**EXERCISE INSTRUCTIONS:** Filter the listing below, please, and copy only the lines with the word "Lemma".

· · · · · · ·

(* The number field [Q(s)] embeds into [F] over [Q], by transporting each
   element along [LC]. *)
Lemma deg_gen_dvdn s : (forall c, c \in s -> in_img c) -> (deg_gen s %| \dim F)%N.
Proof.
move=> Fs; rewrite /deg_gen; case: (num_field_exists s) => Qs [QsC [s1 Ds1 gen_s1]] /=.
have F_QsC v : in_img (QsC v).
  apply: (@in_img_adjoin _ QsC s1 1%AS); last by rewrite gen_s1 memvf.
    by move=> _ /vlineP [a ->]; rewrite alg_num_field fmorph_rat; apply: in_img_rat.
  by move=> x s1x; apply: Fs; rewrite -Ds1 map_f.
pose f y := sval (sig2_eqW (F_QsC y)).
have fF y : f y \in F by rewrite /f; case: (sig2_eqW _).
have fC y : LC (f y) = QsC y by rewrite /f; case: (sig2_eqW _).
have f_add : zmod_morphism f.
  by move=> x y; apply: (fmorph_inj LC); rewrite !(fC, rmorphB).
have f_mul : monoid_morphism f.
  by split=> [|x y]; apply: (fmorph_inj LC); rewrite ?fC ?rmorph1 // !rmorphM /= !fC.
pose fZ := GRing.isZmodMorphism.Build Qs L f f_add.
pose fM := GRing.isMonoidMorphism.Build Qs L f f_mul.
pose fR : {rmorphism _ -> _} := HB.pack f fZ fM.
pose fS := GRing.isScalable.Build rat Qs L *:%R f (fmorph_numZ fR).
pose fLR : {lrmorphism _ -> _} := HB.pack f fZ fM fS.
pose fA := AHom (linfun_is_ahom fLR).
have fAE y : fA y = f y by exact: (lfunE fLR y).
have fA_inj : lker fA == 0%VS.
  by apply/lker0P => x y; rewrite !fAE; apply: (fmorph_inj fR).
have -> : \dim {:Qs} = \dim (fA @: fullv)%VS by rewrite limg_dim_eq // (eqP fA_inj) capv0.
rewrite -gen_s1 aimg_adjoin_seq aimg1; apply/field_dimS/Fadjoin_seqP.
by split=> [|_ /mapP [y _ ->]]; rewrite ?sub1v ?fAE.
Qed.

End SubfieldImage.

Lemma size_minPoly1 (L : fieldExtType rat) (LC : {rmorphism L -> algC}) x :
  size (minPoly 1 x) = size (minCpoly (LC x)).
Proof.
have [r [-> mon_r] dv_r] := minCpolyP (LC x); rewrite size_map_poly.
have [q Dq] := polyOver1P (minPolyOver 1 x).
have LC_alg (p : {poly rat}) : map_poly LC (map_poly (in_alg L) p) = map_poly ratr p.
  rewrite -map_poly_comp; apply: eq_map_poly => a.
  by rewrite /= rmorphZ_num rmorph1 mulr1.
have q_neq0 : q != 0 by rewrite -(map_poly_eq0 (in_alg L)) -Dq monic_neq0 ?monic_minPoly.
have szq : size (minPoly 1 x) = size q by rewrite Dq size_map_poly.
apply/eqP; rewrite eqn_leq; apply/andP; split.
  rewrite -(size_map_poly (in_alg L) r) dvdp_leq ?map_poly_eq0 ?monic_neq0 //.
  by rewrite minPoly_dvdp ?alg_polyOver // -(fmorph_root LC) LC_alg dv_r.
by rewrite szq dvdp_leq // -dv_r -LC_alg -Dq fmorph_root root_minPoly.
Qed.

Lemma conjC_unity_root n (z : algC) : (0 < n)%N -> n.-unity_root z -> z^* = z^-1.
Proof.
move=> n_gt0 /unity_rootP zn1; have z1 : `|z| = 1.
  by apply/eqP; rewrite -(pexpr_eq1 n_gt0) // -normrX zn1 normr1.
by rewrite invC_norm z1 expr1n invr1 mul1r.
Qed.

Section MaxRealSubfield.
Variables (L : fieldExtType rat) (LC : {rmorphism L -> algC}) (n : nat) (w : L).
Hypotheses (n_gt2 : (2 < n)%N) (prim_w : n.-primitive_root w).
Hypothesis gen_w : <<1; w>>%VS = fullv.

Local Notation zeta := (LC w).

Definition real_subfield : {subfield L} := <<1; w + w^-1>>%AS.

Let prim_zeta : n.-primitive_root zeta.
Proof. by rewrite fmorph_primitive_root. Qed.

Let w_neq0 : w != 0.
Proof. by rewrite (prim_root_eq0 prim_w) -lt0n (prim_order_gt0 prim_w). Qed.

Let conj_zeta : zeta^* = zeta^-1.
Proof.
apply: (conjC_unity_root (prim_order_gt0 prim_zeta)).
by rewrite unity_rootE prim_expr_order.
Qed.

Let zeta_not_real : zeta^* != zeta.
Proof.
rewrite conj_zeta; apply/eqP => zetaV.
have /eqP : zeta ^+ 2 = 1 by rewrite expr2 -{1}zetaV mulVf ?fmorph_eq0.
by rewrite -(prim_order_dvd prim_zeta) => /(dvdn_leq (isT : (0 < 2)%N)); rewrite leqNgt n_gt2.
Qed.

· · · · · · ·

**YOUR SOLUTION:**
Lemma deg_gen_dvdn s : (forall c, c \in s -> in_img c) -> (deg_gen s %| \dim F)%N.
Lemma size_minPoly1 (L : fieldExtType rat) (LC : {rmorphism L -> algC}) x :
Lemma conjC_unity_root n (z : algC) : (0 < n)%N -> n.-unity_root z -> z^* = z^-1.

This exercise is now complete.